1. The Chinese Remainder Theorem A presentation by Vincent Kusiak

2. Origins First developed in the third century A.D. by Chinese mathematician Sun Tzu- unfortunately not the same as his more famous countryman who authored the Art of War Re-published in a 1247 book by Qin Jiushao, titled “Mathematical Treatise in Nine Sections”

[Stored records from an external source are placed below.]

(* Let $A\in SL(3,\mathbb{Z})$ be hyperbolic (no eigenvalue of modulus $1$). If $B\in SL(3,\mathbb{Z})$ satisfies $AB=BA$, then either $B=\mathrm{Id}$ or $B$ is hyperbolic. *)

From mathcomp Require Import all_boot all_order all_algebra all_field.
Set Implicit Arguments. Unset Strict Implicit. Unset Printing Implicit Defensive.
Import Order.TTheory GRing.Theory Num.Theory.
Local Open Scope ring_scope.

Definition inSL (n : nat) (A : 'M[int]_n) : Prop := \det A = 1.

(* Complexification of an integer matrix (entries in algC, the algebraic complex numbers;
   eigenvalues of integer matrices are algebraic, so this loses nothing). *)
Definition cplx_mx (n : nat) (A : 'M[int]_n) : 'M[algC]_n := map_mx (fun z : int => z%:~R) A.

Definition hyperbolic (n : nat) (A : 'M[int]_n) : Prop :=
  forall z : algC, eigenvalue (cplx_mx A) z -> `|z| != 1.

From mathcomp Require Import all_boot all_order all_algebra all_field.
From mathcomp Require Import ring zify.
Set Implicit Arguments. Unset Strict Implicit. Unset Printing Implicit Defensive.
Import Order.TTheory GRing.Theory Num.Theory.
Local Open Scope ring_scope.

(* Let A be hyperbolic in SL(3,Z) and B in SL(3,Z) commute with A,
   B <> 1.  Suppose B has an eigenvalue z with |z| = 1.
   (1) Since the characteristic polynomial z^3 + a z^2 + b z - 1 of B has
       integer coefficients and conj z = 1/z, conjugating p(z) = 0 gives
       (a + b) z (z + 1) = 0, so 1 or -1 is a root of p: B has an integer
       eigenvalue m = +-1.
   (2) A hyperbolic unimodular integer matrix has no rational eigenvalue: such
       an eigenvalue r is an algebraic integer, hence an integer, and so is
       1/r (an eigenvalue of the inverse \adj A), hence |r| = 1.  Consequently
       A leaves no rational line invariant.
   (3) C := B - m lies in the commutant of A, so ker C and the row space of C
       are A-invariant rational subspaces.  In dimension 3 one of them is a
       line unless C = 0; by (2), C = 0, i.e. B = m.
   (4) det B = 1 rules out B = -1, so B = 1, a contradiction. *)

Section IntegerMatrices.
Variable n : nat.

(* The rational image of an integer matrix; eigenvectors for rational
   eigenvalues can be found over Q, where [mxalgebra] applies. *)
Definition qmx (M : 'M[int]_n) : 'M[rat]_n := map_mx (fun z : int => z%:~R) M.

Lemma cplx_qmx (M : 'M[int]_n) : cplx_mx M = map_mx ratr (qmx M).
Proof. by apply/matrixP => i j; rewrite !mxE ratr_int. Qed.

Lemma qmxM (M N : 'M[int]_n) : qmx (M *m N) = qmx M *m qmx N.
Proof. exact: map_mxM. Qed.

Lemma int_root_eigenvalue (B : 'M[int]_n) (m : int) :
  root (char_poly B) m -> eigenvalue (qmx B) m%:~R.
Proof.
move/eqP=> pm; rewrite eigenvalue_root_char /qmx -map_char_poly /root.
by rewrite -[m%:~R]/(intr m : rat) horner_map pm rmorph0.
Qed.

Lemma qmx_scalar (B : 'M[int]_n) (m : int) : qmx B = (m%:~R)%:M -> B = m%:M.
Proof.
move/matrixP=> E; apply/matrixP => i j; apply: (@intr_inj rat).
by have := E i j; rewrite !mxE => ->; case: (i == j); rewrite /= ?rmorph0.
Qed.

Lemma eigenvalue_qmx_cplx (M : 'M[int]_n) (v : 'rV[rat]_n) r :
  v != 0 -> v *m qmx M = r *: v -> eigenvalue (cplx_mx M) (ratr r).
Proof.
move=> v0 hv; apply/eigenvalueP; exists (map_mx ratr v).
  by rewrite cplx_qmx -map_mxM hv map_mxZ.
by rewrite map_mx_eq0.
Qed.

(* Eigenvalues of an integer matrix are algebraic integers: they are roots of
   the monic integer characteristic polynomial. *)
Lemma eigenvalue_Aint (M : 'M[int]_n) z : eigenvalue (cplx_mx M) z -> z \in Aint.
Proof.
rewrite eigenvalue_root_char /cplx_mx -map_char_poly => hz.
apply: (root_monic_Aint hz).
  apply/monicP; rewrite lead_coef_map_inj ?(monicP (char_poly_monic M)) ?rmorph1 //.
  exact: intr_inj.
by apply/polyOverP => i; rewrite coef_map /= rpred_int.
Qed.

Lemma rat_eigenvalue_int (M : 'M[int]_n) (v : 'rV[rat]_n) r :
  v != 0 -> v *m qmx M = r *: v -> (ratr r : algC) \in Num.int.
Proof.
move=> v0 hv; apply: Cint_rat_Aint; first exact: Crat_rat.
exact: eigenvalue_Aint (eigenvalue_qmx_cplx v0 hv).
Qed.

(* A hyperbolic matrix of SL(n,Z) has no rational eigenvalue: r and 1/r
   (an eigenvalue of the integer inverse \adj A) are both nonzero integers. *)
Lemma hyperbolic_no_rat_eigenvalue (A : 'M[int]_n) (v : 'rV[rat]_n) r :
  inSL A -> hyperbolic A -> v != 0 -> v *m qmx A = r *: v -> False.
Proof.
move=> hA hypA v0 hv.
have invA : qmx A *m qmx (\adj A) = 1%:M.
  by rewrite -qmxM mul_mx_adj hA /qmx map_mx1.
have vK : v = r *: (v *m qmx (\adj A)).
  by rewrite scalemxAl -hv -mulmxA invA mulmx1.
have r0 : r != 0 by apply: contra v0 => /eqP r0; rewrite vK r0 scale0r.
have hv' : v *m qmx (\adj A) = r^-1 *: v.
  by rewrite {2}vK scalerA mulVf // scale1r.
have x0 : (ratr r : algC) != 0 by rewrite fmorph_eq0.
have ge1 := norm_intr_ge1 (rat_eigenvalue_int v0 hv) x0.
have := norm_intr_ge1 (rat_eigenvalue_int v0 hv').
rewrite fmorphV => /(_ (invr_neq0 x0)).
rewrite normfV invf_ge1 ?normr_gt0 // => le1.
have /eqP := hypA _ (eigenvalue_qmx_cplx v0 hv); apply.
by apply/le_anti; rewrite ge1 le1.
Qed.

Lemma invariant_line_eigenvector (Q S : 'M[rat]_n) :
  \rank S = 1%N -> (S *m Q <= S)%MS ->
  exists v : 'rV_n, exists r, v != 0 /\ v *m Q = r *: v.
Proof.
move=> rS hS.
have [i ri] : exists i, row i S != 0.
  case: (pickP (fun i => row i S != 0)) => [i hi|h]; first by exists i.
  suff S0 : S = 0 by rewrite S0 mxrank0 in rS.
  by apply/row_matrixP => i; have := h i; rewrite row0 => /negbFE/eqP.
have eqvS : (row i S :=: S)%MS.
  have := mxrank_leqif_eq (row_sub i S).
  by rewrite rank_rV ri rS => -[_ /esym]; rewrite eqxx => /eqmxP.
have inv : (row i S *m Q <= row i S)%MS by rewrite (eqmxMr Q eqvS) eqvS hS.
by case/sub_rVP: inv => r hr; exists (row i S), r.
Qed.

Lemma hyperbolic_no_invariant_line (A : 'M[int]_n) (S : 'M[rat]_n) :
  inSL A -> hyperbolic A -> \rank S = 1%N -> (S *m qmx A <= S)%MS -> False.
Proof.
move=> hA hypA rS hS; have [v [r [v0 hv]]] := invariant_line_eigenvector rS hS.
exact: hyperbolic_no_rat_eigenvalue hA hypA v0 hv.
Qed.

End IntegerMatrices.

(* In dimension 3, a matrix commuting with a hyperbolic A in SL(3,Z) and having a
   rational eigenvalue c is the scalar c: otherwise the kernel or the row space
   of B - c would be an A-invariant rational line. *)
Lemma commuting_rat_eigenvalue_scalar (A B : 'M[int]_3) (c : rat) :
  inSL A -> hyperbolic A -> A *m B = B *m A ->
  eigenvalue (qmx B) c -> qmx B = c%:M.
Proof.
move=> hA hypA hAB hc.
set C := qmx B - c%:M.
have comm : C *m qmx A = qmx A *m C.
  by rewrite /C mulmxBl mulmxBr scalar_mxC -!qmxM hAB.
have noline := hyperbolic_no_invariant_line hA hypA.
have rK := mxrank_ker C.
have : (\rank C <= 3)%N by exact: rank_leq_col.
case rC: (\rank C) rK => [|[|[|[|k]]]] rK // _.
- by apply/eqP; rewrite -subr_eq0 -mxrank_eq0 rC.
- by exfalso; apply: (noline C rC); rewrite comm submxMl.
- exfalso; apply: (noline (kermx C)); first by rewrite rK.
  by rewrite sub_kermx -mulmxA -comm mulmxA mulmx_ker mul0mx.
- by move: hc; rewrite /eigenvalue -/C -mxrank_eq0 rK.
Qed.

Lemma norm1_neq0 (z : algC) : `|z| = 1 -> z != 0.
Proof. by move=> nz; rewrite -normr_gt0 nz ltr01. Qed.

(* A root z on the unit circle of X^3 + a X^2 + b X - 1 with integer a, b
   satisfies (a + b) z (z + 1) = 0: conjugating the equation (conj z = 1/z)
   and multiplying by z^3 gives the reciprocal equation, and the two differ by
   (a + b) z (z + 1). *)
Lemma unit_root_reciprocal_cubic (a b : int) (z : algC) : `|z| = 1 ->
  -1 + b%:~R * z + a%:~R * z^+2 + z^+3 = 0 -> (b + a)%:~R * z * (z + 1) = 0.
Proof.
move=> nz Pz.
have z0 := norm1_neq0 nz.
have zc : z^* = z^-1 by rewrite invC_norm nz expr1n invr1 mul1r.
have Pzc := congr1 Num.conj Pz.
rewrite !(rmorphD, rmorphM, rmorphXn, rmorph0, rmorphN1) /= in Pzc.
rewrite zc !conj_intr ?rpred_int // in Pzc.
rewrite intrD; transitivity ((-1 + b%:~R * z + a%:~R * z ^+ 2 + z ^+ 3)
    + z^+3 * (-1 + b%:~R / z + a%:~R * (z^-1 / z) + z^-1 * (z^-1 / z))).
  by field.
by rewrite Pz Pzc mulr0 addr0.
Qed.

(* If B in SL(3,Z) has an eigenvalue on the unit circle, then 1 or -1 is a root
   of its characteristic polynomial p = X^3 + a X^2 + b X - 1, since a + b = 0
   means p(1) = 0. *)
Lemma unimodular_eigenvalue_pm1 (B : 'M[int]_3) (z : algC) :
  inSL B -> eigenvalue (cplx_mx B) z -> `|z| = 1 ->
  exists2 m : int, (m == 1) || (m == -1) & root (char_poly B) m.
Proof.
move=> hB hz nz.
rewrite eigenvalue_root_char /cplx_mx -map_char_poly in hz.
set p := char_poly B in hz *.
have sp : size p = 4%N := size_char_poly B.
have p3 : p`_3 = 1.
  by have := monicP (char_poly_monic B); rewrite /lead_coef -/p sp.
have p0 : p`_0 = -1 by rewrite char_poly_det hB.
have z0 := norm1_neq0 nz.
have hz' := hz.
move: hz; rewrite /root (horner_coef_wide (n := 4)); last first.
  by rewrite size_map_inj_poly ?sp //; exact: intr_inj.
rewrite !big_ord_recl big_ord0 !coef_map /= p0 p3 => /eqP pz.
have Pz : -1 + (p`_1)%:~R * z + (p`_2)%:~R * z^+2 + z^+3 = 0.
  by rewrite -pz /bump /= rmorphN1 rmorph1; ring.
move/eqP: (unit_root_reciprocal_cubic nz Pz); rewrite !mulf_eq0 (negbTE z0) orbF => /orP[ab0|z1].
  exists 1; rewrite ?eqxx //.
  rewrite intr_eq0 in ab0; move/eqP: ab0 => ab0.
  rewrite /root (horner_coef_wide (n := 4)) ?sp //.
  rewrite !big_ord_recl big_ord0 /bump /= p0 p3 !expr1n !mulr1.
  change (-1 + (p`_1 + (p`_2 + (1 + 0))) == 0 :> int); apply/eqP; lia.
exists (-1); first by rewrite orbC eqxx.
move: hz'; rewrite addr_eq0 in z1.
by rewrite /root (eqP z1) -(rmorphN1 (intr : int -> algC)) horner_map intr_eq0.
Qed.

Theorem mainTheorem13 (A B : 'M[int]_3) :
  inSL A -> hyperbolic A -> inSL B -> A *m B = B *m A ->
  B = 1%:M \/ hyperbolic B.
Proof.
move=> hA hypA hB hAB.
have [->|B1] := eqVneq B 1%:M; [by left | right].
move=> z hz; apply/eqP => nz.
have [m m_pm1 root_m] := unimodular_eigenvalue_pm1 hB hz nz.
have Bm : B = m%:M.
  exact/qmx_scalar/(commuting_rat_eigenvalue_scalar hA hypA hAB)/int_root_eigenvalue.
case/orP: m_pm1 => /eqP m_val; first by move: B1; rewrite Bm m_val eqxx.
by move: hB; rewrite /inSL Bm m_val det_scalar.
Qed.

3. Modular Arithmetic The theorem only applies in modular arithmetic. Specifically, when we have the relationship x = k mod j, where x minus k equals some number which is a multiple of j. For example, 38 = 14 mod 12 We can see, then that k is broken up into multiple ‘classes’, with any given k +/- j

4. So what the heck is it?

5. Well first… You need a set of numbers that are pairwisecoprime integers; {9,10,19} or {10,7,33,13} That is, a set of numbers that, when paired, are only divisible by 1; {9,10} or {33,13} The theorem states that for any set of these integers n1, n2… nk and any given integers a1, a2… ak, there exists an X such that— X = a1 mod n1, X = a2 mod n2… X = ak mod nk

6. A problem— Just by knowing the truth of the theorem, can you figure out what X must be in the system X = 2 mod 3 X = 3 mod 4 X = 1 mod 5

7. A simple(ish) proof X = 2 mod 5 gives X = 5k + 2 X = 1 mod 11 X = 4 mod 19 X = 5k + 2 = 1 mod 11 so 5k = -1 mod 11 which via equivalence classes is 5k = 10 mod 11, thus k = 5 mod 11

8. SO… k = 11j +2 and thus X = 5(11j + 2) + 2 and THUS X = 5(11j) + 12 = 4 mod 19 so 5 * 11 * j = -8 mod 19 so 5 * 11 * j = 11 mod 19 So 5j = 1 mod 19 And j = 4 mod 19 because 4 * 5 -1 = 19 So j = 19m + 4 and so X = 5 * 11 * 19m +5 * 11 * 4 +12 Phew.